Revenue vs. Expense ($000s)

Expense Breakdown 2013 (%)

Expense Breakdown 2012 (%)

Expense Breakdown 2011 (%)

For more details regarding the organization's financial information, select the financial tab and review available comments.


Overview

Mission Statement

Foundation for MetroWest connects philanthropic opportunity with demonstrated need in Metrowest. We promote philanthropy in the region, help donors maximize the impact of their local giving, serve as a resource for local nonprofit organizations, and enhance the quality of life for all of our citizens.


Background Statement

In 1995, a group of residents from a number of MetroWest towns established the Crossroads Community Foundation. Concerned that the two major community foundations in the region – The Boston Foundation and the Greater Worcester Community Foundation – were not addressing the issues and challenges faced in the cities and towns west of Route 128 and east of Route 495, this visionary group established Crossroads to bring the benefits of a community foundation to MetroWest residents and nonprofit organizations.

To date, over $9 million has been distributed to nonprofits across MetroWest to support their work in the human services, environmental, education, and arts and culture sectors.

In 2009, Crossroads underwent a brand messaging and name change. Our new name, Foundation for MetroWest, clearly identifies the Foundation with its’ mission of connecting philanthropic opportunity with demonstrated need in the MetroWest communities.

In addition to supporting the area’s many nonprofits, the Foundation for MetroWest helps donors address challenges specific to each town and to the region as a whole. All MetroWest communities face a decline in state aid to cities and towns, a rising cost of public education, the high cost of healthcare, the need to provide affordable housing, and the preservation of open space and water quality. An organization like the Foundation, that understands the needs and resources across town borders and collectively, is instrumental in helping communities address theses concerns in an efficient and strategic manner.
 
Private philanthropists act to produce something of common value, a greater good for a larger group than themselves as individuals. The future of MetroWest and other communities nationwide depends on continued philanthropic giving. Organization like the Foundation for MetroWest are helping to secure the future of our communities for the next generation and beyond.

Impact Statement

To date, we have been able to provide over $9 million to MetroWest nonprofits in the areas of family support, youth development, environment, and arts & culture. We are dedicated to improving the quality of life for our citizens by promoting philanthropy in our region to directly improve the capacity and effectiveness of local nonprofit organizations.
 

Needs Statement

After examining the demographic changes in our region, the expanding needs being reported by local family service nonprofits, and the increasing gap between grant requests and our ability to fund them, the Foundation launched a MetroWest Fund for Families campaign. By strengthening this permanent Field of Interest Fund, the Foundation will be able to provide ongoing support to organizations serving the residents with the most need in our region.
 
While there are many highly effective and active organizations dedicated to providing family services, there is no single fund or funding organization that is building resources to address either the broad geographic area or the breadth of needs. Our region is large, spanning 33 cities and towns over 500 square miles, so it can be difficult to communicate the availability of services to the MetroWest citizens who need them.
 
Growing the MetroWest Fund for Families is a strategic focus for us. By increasing this fund, the Foundation can lead the way in addressing the needs of today while establishing an endowment to take on the challenges of the future.
 
Our other top priorities are to:
 
  • Increase our donor-advised funds
  • Increase Foundation endowments to support our community now, and in the future
  • Strengthen and support our local nonprofits 

 

 
 
 
 
 

CEO Statement

The Census Bureau recently reported the poverty figures from the 2010 census and with adjustments for both government benefits and personal costs, the total is an alarming 49.1 million.

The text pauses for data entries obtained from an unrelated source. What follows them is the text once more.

(* Let $k,l\geq0$ be integers and $X,Y,Z,V$ be $N\times N$ real symmetric positive semidefinite matrices. Then, in the Löwner order, \[ X^{k}\otimes V\otimes X^{l}+(X+Y+Z)^{k}\otimes V\otimes(X+Y+Z)^{l}\geq(X+Y)^{k}\otimes V\otimes(X+Y)^{l}+(X+Z)^{k}\otimes V\otimes(X+Z)^{l}. \]
   Context: Notation: for a matrix $W$ and $j\geq1$, $W^{j}$ denotes the $j$-fold tensor (Kronecker) power $W\otimes\cdots\otimes W$, and $W^{0}=1$ (the scalar one, so that tensoring with $W^{0}$ leaves a factor unchanged). The Löwner order: $S\leq T$ iff $T-S$ is positive semidefinite. *)

(* Kronecker products/powers from mathcomp real_closed mxtens:
   A *t B (tensmx) and A ^t k (ntensmx, with A ^t 0 = 1 : 'M_1). *)
From mathcomp Require Import all_boot all_order all_algebra.
From mathcomp Require Export mxtens.
From mathcomp Require Export reals.
Set Implicit Arguments. Unset Strict Implicit. Unset Printing Implicit Defensive.
Import Order.TTheory GRing.Theory Num.Theory.
Local Open Scope ring_scope.

Definition psdmx {R : realType} {n : nat} (A : 'M[R]_n) : Prop :=
  A^T = A /\ forall v : 'cV[R]_n, 0 <= (v^T *m A *m v) 0 0.

Definition loewner_le {R : realType} {n : nat} (S T : 'M[R]_n) : Prop :=
  psdmx (T - S).

(* Index [X], [X + Y], [X + Z], [X + Y + Z] by the subsets of {Y, Z}: this
   quadruple is PSD, Loewner-monotone and Loewner-supermodular.  As Kronecker
   products of PSD matrices are PSD, bilinearity shows that these three
   properties survive Kronecker products of quadruples; the theorem is the
   supermodularity of the product of k copies of the quadruple, the constant
   quadruple V, and l more copies.  Kronecker products of PSD matrices are PSD
   because PSD matrices are Gram matrices M^T M, obtained by repeatedly
   splitting off the rank-one part at a nonzero diagonal entry (Schur
   complement). *)
From mathcomp Require Import all_boot all_order all_algebra.
From mathcomp Require Import mxtens reals ring lra.
Set Implicit Arguments. Unset Strict Implicit. Unset Printing Implicit Defensive.
Import Order.TTheory GRing.Theory Num.Theory.
Local Open Scope ring_scope.

Section PsdMatrices.
Variable R : realType.

Definition qform n (A : 'M[R]_n) (u v : 'cV[R]_n) : R := (u^T *m A *m v) 0 0.

Lemma qform_sym n (A : 'M[R]_n) u v : A^T = A -> qform A u v = qform A v u.
Proof.
move=> sA; rewrite /qform.
have -> : u^T *m A *m v = (v^T *m A *m u)^T by rewrite !trmx_mul trmxK sA mulmxA.
by rewrite mxE.
Qed.

Lemma qformDZ n (A : 'M[R]_n) v x (t : R) : A^T = A ->
  qform A (v + t *: x) (v + t *: x) =
  qform A v v + 2 * t * qform A x v + t ^+ 2 * qform A x x.
Proof.
move=> sA; have := qform_sym v x sA; rewrite /qform.
rewrite [(v + _)^T]linearD /= [(t *: x)^T]linearZ /= !mulmxDl !mulmxDr.
by rewrite -!scalemxAl -!scalemxAr !mxE => ->; ring.
Qed.

Lemma qform_deltal n (A : 'M[R]_n) i v :
  qform A (delta_mx i 0) v = (row i A *m v) 0 0.
Proof. by rewrite /qform trmx_delta -rowE. Qed.

Lemma qform_delta n (A : 'M[R]_n) i j :
  qform A (delta_mx i 0) (delta_mx j 0) = A i j.
Proof. by rewrite qform_deltal -colE !mxE. Qed.

Lemma qform_rank1 n (w : 'rV[R]_n) v : qform (w^T *m w) v v = (w *m v) 0 0 ^+ 2.
Proof. by rewrite /qform mulmxA -mulmxA -trmx_mul mxE big_ord1 mxE expr2. Qed.

Lemma psdmx0 n : psdmx (0 : 'M[R]_n).
Proof. by split=> [|v]; rewrite ?trmx0 // mulmx0 mul0mx mxE. Qed.

Lemma psdmxD n (A B : 'M[R]_n) : psdmx A -> psdmx B -> psdmx (A + B).
Proof.
move=> [sA pA] [sB pB]; split=> [|v]; first by rewrite linearD /= sA sB.
by rewrite mulmxDr mulmxDl mxE addr_ge0.
Qed.

Lemma psdmx_mulTmx p n (M : 'M[R]_(p, n)) : psdmx (M^T *m M).
Proof.
split=> [|v]; first by rewrite trmx_mul trmxK.
rewrite !mulmxA -trmx_mul -mulmxA mxE.
by apply: sumr_ge0 => i _; rewrite !mxE -expr2 sqr_ge0.
Qed.

Lemma psdmx1 n : psdmx (1%:M : 'M[R]_n).
Proof. by have := psdmx_mulTmx (1%:M : 'M[R]_n); rewrite trmx1 mulmx1. Qed.

Lemma psdmx_diag_ge0 n (A : 'M[R]_n) i : psdmx A -> 0 <= A i i.
Proof. by case=> _ /(_ (delta_mx i 0)); rewrite -/(qform _ _ _) qform_delta. Qed.

Lemma psdmx_diag0 n (A : 'M[R]_n) i j : psdmx A -> A i i = 0 -> A i j = 0.
Proof.
move=> [sA pA] Aii0; apply/eqP/negPn/negP => Aij_neq0.
(* Along e_j + t e_i the form is affine in t with nonzero slope. *)
pose t := - (A j j + 1) / (2 * A i j).
have := pA (delta_mx j 0 + t *: delta_mx i 0).
rewrite -/(qform _ _ _) qformDZ // !qform_delta Aii0 mulr0 addr0.
have -> : 2 * t * A i j = - (A j j + 1) by rewrite /t; field.
lra.
Qed.

Definition schur_compl n (A : 'M[R]_n) i : 'M[R]_n :=
  A - (A i i)^-1 *: ((row i A)^T *m row i A).

Lemma schur_complE n (A : 'M[R]_n) i j k :
  schur_compl A i j k = A j k - A i j * A i k / A i i.
Proof. by rewrite !mxE big_ord1 !mxE; ring. Qed.

Lemma psdmx_schur_compl n (A : 'M[R]_n) i :
  psdmx A -> 0 < A i i -> psdmx (schur_compl A i).
Proof.
move=> [sA pA] Aii_gt0; split.
  by rewrite /schur_compl linearB linearZ /= trmx_mul trmxK sA.
move=> v; set b := qform A (delta_mx i 0) v.
have -> : (v^T *m schur_compl A i *m v) 0 0 = qform A v v - b ^+ 2 / A i i.
  rewrite /b qform_deltal -qform_rank1 mulrC.
  by rewrite /schur_compl /qform mulmxBr mulmxBl -scalemxAr -scalemxAl !mxE.
(* t = - b / A i i minimises t |-> qform A (v + t e_i) (v + t e_i). *)
have := pA (v + (- b / A i i) *: delta_mx i 0).
rewrite -/(qform _ _ _) qformDZ // qform_delta -/b -addrA.
have -> : 2 * (- b / A i i) * b + (- b / A i i) ^+ 2 * A i i = - (b ^+ 2 / A i i).
  by field; rewrite gt_eqF.
by rewrite subr_ge0.
Qed.

Lemma schur_compl_diag0 n (A : 'M[R]_n) i j :
  psdmx A -> 0 < A i i -> (j == i) || (A j j == 0) -> schur_compl A i j j = 0.
Proof.
move=> pA Aii_gt0 /orP[/eqP-> | /eqP Ajj0]; rewrite schur_complE.
  by field; rewrite gt_eqF.
have sA : A^T = A by case: pA.
have -> : A i j = 0 by rewrite -sA mxE; apply: psdmx_diag0.
by rewrite Ajj0 !mul0r subr0.
Qed.

Lemma schur_compl_rank1 n (A : 'M[R]_n) i : 0 < A i i ->
  let u := (Num.sqrt (A i i))^-1 *: row i A in A = schur_compl A i + u^T *m u.
Proof.
move=> Aii_gt0 u; rewrite /schur_compl /u [(_ *: row i A)^T]linearZ /=.
rewrite -scalemxAl -scalemxAr scalerA -expr2 exprVn sqr_sqrtr ?ltW //.
by rewrite subrK.
Qed.

Lemma psdmx_gram n (A : 'M[R]_n) :
  psdmx A -> exists p (M : 'M[R]_(p, n)), A = M^T *m M.
Proof.
have [m] := ubnP #|[pred i | A i i != 0]|.
elim: m A => // m IH A supp_lt pA.
have [i /= Aii_neq0 | diag0] := pickP [pred i | A i i != 0]; last first.
  exists 0%N, 0; rewrite mulmx0; apply/matrixP => i j; rewrite mxE.
  by apply: psdmx_diag0 => //; apply/eqP/negbFE/diag0.
have Aii_gt0 : 0 < A i i by rewrite lt_def Aii_neq0 psdmx_diag_ge0.
have supp_sub : [pred j | schur_compl A i j j != 0]
    \subset [predD1 [pred j | A j j != 0] & i].
  apply/subsetP => j; rewrite !inE; apply: contraR; rewrite negb_and !negbK.
  by move=> ?; apply/eqP/schur_compl_diag0.
have supp_lt_m : (#|[pred j | schur_compl A i j j != 0%R]| < m)%N.
  apply: leq_ltn_trans (subset_leq_card supp_sub) _.
  by rewrite (cardD1 i) inE /= Aii_neq0 in supp_lt.
have [p [M defS]] := IH _ supp_lt_m (psdmx_schur_compl pA Aii_gt0).
exists (p + 1)%N, (col_mx M ((Num.sqrt (A i i))^-1 *: row i A)).
by rewrite tr_col_mx mul_row_col -defS -schur_compl_rank1.
Qed.

Lemma psdmx_tens m n (A : 'M[R]_m) (B : 'M[R]_n) :
  psdmx A -> psdmx B -> psdmx (A *t B).
Proof.
move=> /psdmx_gram[p [M ->]] /psdmx_gram[q [P ->]].
by rewrite -tensmx_mul -trmx_tens; apply: psdmx_mulTmx.
Qed.

Definition loewner_supermodular n (a0 aY aZ aYZ : 'M[R]_n) : Prop :=
  [/\ psdmx a0, loewner_le a0 aY, loewner_le a0 aZ & loewner_le (aY + aZ) (a0 + aYZ)].

Lemma loewner_supermodular_tens m n (a0 aY aZ aYZ : 'M[R]_m) (b0 bY bZ bYZ : 'M[R]_n) :
  loewner_supermodular a0 aY aZ aYZ -> loewner_supermodular b0 bY bZ bYZ ->
  loewner_supermodular (a0 *t b0) (aY *t bY) (aZ *t bZ) (aYZ *t bYZ).
Proof.
rewrite /loewner_supermodular /loewner_le.
move=> [pa0 paY paZ paYZ] [pb0 pbY pbZ pbYZ].
set dY := aY - a0 in paY *; set dZ := aZ - a0 in paZ *.
set dYZ := a0 + aYZ - (aY + aZ) in paYZ *.
set eY := bY - b0 in pbY *; set eZ := bZ - b0 in pbZ *.
set eYZ := b0 + bYZ - (bY + bZ) in pbYZ *.
split.
- exact: psdmx_tens.
- have -> : aY *t bY - a0 *t b0 = a0 *t eY + dY *t b0 + dY *t eY.
    by apply/matrixP => i j; rewrite !mxE; ring.
  by repeat first [assumption | apply: psdmxD | apply: psdmx_tens].
- have -> : aZ *t bZ - a0 *t b0 = a0 *t eZ + dZ *t b0 + dZ *t eZ.
    by apply/matrixP => i j; rewrite !mxE; ring.
  by repeat first [assumption | apply: psdmxD | apply: psdmx_tens].
- have -> : a0 *t b0 + aYZ *t bYZ - (aY *t bY + aZ *t bZ) =
      a0 *t eYZ + dY *t eZ + dZ *t eY + dYZ *t b0 + dY *t eYZ + dZ *t eYZ
      + dYZ *t eY + dYZ *t eZ + dYZ *t eYZ.
    by apply/matrixP => i j; rewrite !mxE; ring.
  by repeat first [assumption | apply: psdmxD | apply: psdmx_tens].
Qed.

Lemma loewner_supermodular_const n (V : 'M[R]_n) :
  psdmx V -> loewner_supermodular V V V V.
Proof.
by move=> pV; rewrite /loewner_supermodular /loewner_le !subrr; split=> //; apply: psdmx0.
Qed.

Lemma loewner_supermodular_add n (X Y Z : 'M[R]_n) :
  psdmx X -> psdmx Y -> psdmx Z ->
  loewner_supermodular X (X + Y) (X + Z) (X + Y + Z).
Proof.
move=> pX pY pZ; split; rewrite /loewner_le ?[X + _ - X]addrC ?addKr //.
by rewrite addrACA -[X + Y + Z]addrA [X + (X + _)]addrA subrr; apply: psdmx0.
Qed.

Lemma loewner_supermodular_ntens n (X Y Z : 'M[R]_n) k :
  psdmx X -> psdmx Y -> psdmx Z ->
  loewner_supermodular (X ^t k) ((X + Y) ^t k) ((X + Z) ^t k) ((X + Y + Z) ^t k).
Proof.
move=> pX pY pZ; elim: k => [|[|k] IH].
- by rewrite !ntensmx0; apply/loewner_supermodular_const/psdmx1.
- by rewrite !ntensmx1; apply: loewner_supermodular_add.
- by rewrite !ntensmxSS; apply: loewner_supermodular_tens => //; apply: loewner_supermodular_add.
Qed.

End PsdMatrices.

Theorem lemma5p9 (R : realType) (N k l : nat) (X Y Z V : 'M[R]_N) :
  psdmx X -> psdmx Y -> psdmx Z -> psdmx V ->
  loewner_le
    ((X + Y) ^t k *t V *t (X + Y) ^t l + (X + Z) ^t k *t V *t (X + Z) ^t l)
    (X ^t k *t V *t X ^t l + (X + Y + Z) ^t k *t V *t (X + Y + Z) ^t l).
Proof.
move=> pX pY pZ pV.
have powk := loewner_supermodular_ntens k pX pY pZ.
have powl := loewner_supermodular_ntens l pX pY pZ.
have constV := loewner_supermodular_const pV.
by case: (loewner_supermodular_tens (loewner_supermodular_tens powk constV) powl).
Qed.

Despite these statistics many people who live or work in the MetroWest region believe that the challenges of poverty don’t effect the suburban communities we call home. However, there are food pantries in our towns, unemployed heads of households looking for home heating assistance, and neighbors trying to find ways to avoid foreclosure on their homes.

If the current economic climate has made one thing clear it’s that poverty, homelessness, and hunger have no geographic boundaries. The Brookings Institution has been studying the changing patterns of poverty for several years and after reviewing metropolitan trends from 2000 to 2008, the Institute concluded what many of us have known for some time —that poverty is not just an urban issue. The challenges that poor families face are an issue that the entire Commonwealth of Massachusetts must address, with suburban communities and their non-profits facing a unique set of challenges as well.

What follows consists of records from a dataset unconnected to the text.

Lemma liso_Me_of_D (e f u v : M) (He : idem e) (Hf : idem f) :
  u ⋆ v = e -> v ⋆ u = f -> u ⋆ f = u -> v ⋆ e = v -> liso (Me e) (Me f).
Proof.
  intros Huv Hvu Huf Hve.
  exists (rmul_Me (e := e) Huf), (rmul_Me (e := f) Hve).
  split; [apply rmul_Me_hom | split; [apply rmul_Me_hom | split]];
    intro x; apply sig_ext; simpl; rewrite <- mmulA.
  - rewrite Huv; apply Me_right_unit, He.
  - rewrite Hvu; apply Me_right_unit, Hf.
Qed.

(* Stability of a finite monoid: if f = p f q with p g = p and g below f
   (g f = g = f g), then g = f.  Taking an idempotent power P of p gives
   P f = f and P g = P, whence f = P and g = f. *)
Lemma finite_stable (HM : finite_monoid M) (f g p q : M) :
  idem f -> f = p ⋆ f ⋆ q -> p ⋆ g = p -> g ⋆ f = g -> f ⋆ g = g -> g = f.
Proof.
  intros Hf Hpq Hpg Hgf Hfg.
  assert (Hiter : forall n, f = mpow p n ⋆ f ⋆ mpow q n).
  { induction n as [|n IH]; [simpl; rewrite mmul1m, mmulm1; reflexivity|].
    rewrite (mpow_S_r q); simpl (mpow p (S n)).
    rewrite Hpq at 1; rewrite IH at 1; monoid_assoc. }
  destruct (idempotent_power HM p) as [[|k] [Hk HP]]; [lia|].
  set (P := mpow p (S k)) in *.
  assert (HPf : P ⋆ f = f).
  { rewrite (Hiter (S k)) at 2; fold P; rewrite <- HP at 2.
    rewrite (Hiter (S k)) at 1; fold P; monoid_assoc. }
  assert (HPg : P ⋆ g = P) by (unfold P; rewrite mpow_S_r, <- mmulA, Hpg; reflexivity).
  assert (HfP : f = P) by (rewrite <- HPf, <- HPg at 1; rewrite <- mmulA, Hgf; exact HPg).
  rewrite <- Hfg, HfP at 1; rewrite HPg; symmetry; exact HfP.
Qed.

Capacity of services, community involvement,and funding are the most critical of the challenges that our suburban non-profits must address in order to meet the needs in our communities. With poverty rates in suburban areas increasing at a quicker pace than in urban areas, many suburban communities are not adequately prepared to address the necessary growth in capacity. Suburban nonprofits have a more difficult time finding financial and volunteer support, and often see dollars and time leaving their service areas to help their larger urban counterparts. In addition,suburban non-profits are trying to find ways to cope with the rapidly increasing demand while having reported a loss in key revenue sources over the last two years.

Finding solutions to these challenges willnot be easy, but there is hope.

In a July 2011 report, a Brookings report states that an important way to strengthen the suburban safety net is to have strong suburban community foundations. This is because of the unique role they play in their regions, serving not only as grant makers, but as community leaders.

Community foundations play a key part in understanding the needs of their regions, and identifying and solving gaps between services and problems. They have a degree of independence that enables them to connect with many diverse donors and bring together both financial and human resources. This independence often allows them to support the most innovative social programs and nonprofit entrepreneurs, enabling new ideas and approaches to grow and flourish.

Taking the long-term view of the overall health of their region, a community foundation acts in a variety of roles: convener and catalyst across municipal boundaries; source of information onn eeds and the organizations that meet them; supporter of, and resource for, non-profits; and facilitator of local philanthropy.

Like all other community foundations, Foundation for MetroWest is dedicated to using philanthropy to have a positive and long-lasting impact on our MetroWest communities. Through our work, we seek to build strong communities and productive citizens that can handle the challenges of today, and stand ready to tackle those in the future. We know that together we are stronger than when we stand alone.

 


Board Chair Statement

Our population is aging rapidly, and the recession has taken its toll. Like so many suburban areas in the U.S., we have pockets of great need. Many of our neighbors are struggling with job loss, as well as housing, food, and fuel insecurity.
 
As a community foundation, the Foundation for MetroWest plays a key role in understanding these issues, and identifying and solving gaps between services and problems. We understand the economic struggles faced by municipalities as they strive to meet the demands of their changing populations.
 
Our communities are diverse, each with its own strengths and set of needs. It is now more important than ever to collaborate with funders, nonprofits, and those in the public sector to address issues that threaten our quality of life. A vibrant, permanent community foundation that can work across boundaries is necessary for our cities and towns to handle the challenges of today, and stand ready to tackle those of the future.
 
Our Trustees are dedicated to growing the Foundation for MetroWest to take a leadership position. We are committed to the long-term health of our region, and to using philanthropy to have a positive and long-lasting impact.
 
During 2012, the Foundation will continue to enlist more people from the community in our work, increasing the representation on our board, and involving more individuals in our committees. We will engage the business community to help us take a leading role in growing sustainable wonderful communities in which to live and work and raise our families. We will spread the word about the challenges our region faces, and the opportunities we have to address them.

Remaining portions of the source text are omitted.